▶ _WHAT THIS TASK INVOLVES_: Among the records below, find each line that includes the string "opnorm" and copy it.

──────────

(* Let $(a_n)_{n\ge0}$ be nonzero complex numbers with $|a_0|\ge|a_1|\ge\cdots$ and $\sum_n|a_n|^2<\infty$, and let $T$ be the weighted shift $Te_n=a_ne_{n+1}$. Let $H_1$ be the closed linear span of $\{e_n:n\ge1\}$. Then: (1) the map $\mathcal F:\mathcal A_T\to H_1$, $\mathcal F(S)=Se_0$, is a linear homeomorphism onto $H_1$, and $\mathcal J\mapsto\mathcal F(\mathcal J)$ is a lattice isomorphism from the lattice of closed ideals of $\mathcal A_T$ onto the lattice of closed $T$-invariant subspaces of $H_1$; (2) the map $\tilde{\mathcal F}:\tilde{\mathcal A}_T\to H$, $\tilde{\mathcal F}(S)=Se_0$, is a linear homeomorphism onto $H$, and $\mathcal J\mapsto\tilde{\mathcal F}(\mathcal J)$ is a lattice isomorphism from the lattice of closed ideals of $\tilde{\mathcal A}_T$ onto the lattice of closed $T$-invariant subspaces of $H$.
   Context: $H$ is a complex Hilbert space with orthonormal basis $\{e_n\}_{n\ge0}$, $Te_n=a_ne_{n+1}$, $\mathcal A_T$ is the operator-norm closure in $\mathcal B(H)$ of the polynomials $p(T)$ with $p(0)=0$, and $\tilde{\mathcal A}_T=\mathcal A_T+\mathbb C I$ is its unitization inside $\mathcal B(H)$ (the norm closure of all polynomials in $T$). *)

From HB Require Import structures.
From mathcomp Require Import all_boot all_order all_algebra.
From mathcomp Require Import all_classical all_reals all_analysis.
From mathcomp Require Import complex.
Set Implicit Arguments.
Unset Strict Implicit.
Unset Printing Implicit Defensive.
Import Order.TTheory GRing.Theory Num.Theory.
Import numFieldNormedType.Exports.
Local Open Scope ring_scope.
Local Open Scope classical_set_scope.

Section Defs.
Variable R : realType.
Local Notation C := R[i].

Definition cabs2 (z : C) : R := @complex.Re R z ^+ 2 + @complex.Im R z ^+ 2.
Definition cabs (z : C) : R := Num.sqrt (cabs2 z).

Definition l2 (x : nat -> C) : Prop :=
  cvgn (series (fun n => cabs2 (x n)) : R ^nat).
Definition l2norm (x : nat -> C) : R :=
  Num.sqrt (limn (series (fun n => cabs2 (x n)) : R ^nat)).
Definition vsub (x y : nat -> C) : nat -> C := fun n => x n - y n.
Definition e_ (k : nat) : nat -> C := fun n => (n == k)%:R.

Definition span_e (P : pred nat) : set (nat -> C) :=
  [set y | exists (N : nat) (c : nat -> C),
      y = (fun n => \sum_(k < N | P k) c k * e_ k n)].
Definition clspan_e (P : pred nat) : set (nat -> C) :=
  [set x | l2 x /\ forall eps : R, 0 < eps ->
      exists y, span_e P y /\ l2norm (vsub x y) < eps].
Definition H1 : set (nat -> C) := clspan_e (fun k => (0 < k)%N).

(* Operators.  An element of B(H) is represented by its unique
   representative function that is zero outside of l^2. *)
Definition Op := (nat -> C) -> (nat -> C).
Definition bounded_op (A : Op) : Prop :=
  [/\ forall x, l2 x -> l2 (A x),
      forall x, ~ l2 x -> A x = (fun _ => 0),
      forall (c : C) x y, l2 x -> l2 y ->
        A (fun n => c * x n + y n) = (fun n => c * A x n + A y n) &
      exists M : R, forall x, l2 x -> l2norm (A x) <= M * l2norm x].
Definition opnorm (A : Op) : R :=
  sup [set l2norm (A x) | x in [set x | l2 x /\ l2norm x <= 1]].
Definition opsub (A B : Op) : Op := fun x => vsub (A x) (B x).
Definition opdist (A B : Op) : R := opnorm (opsub A B).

──────────

▶ _RESPONSE TO THIS TASK_:
Definition opnorm (A : Op) : R :=
Definition opdist (A B : Op) : R := opnorm (opsub A B).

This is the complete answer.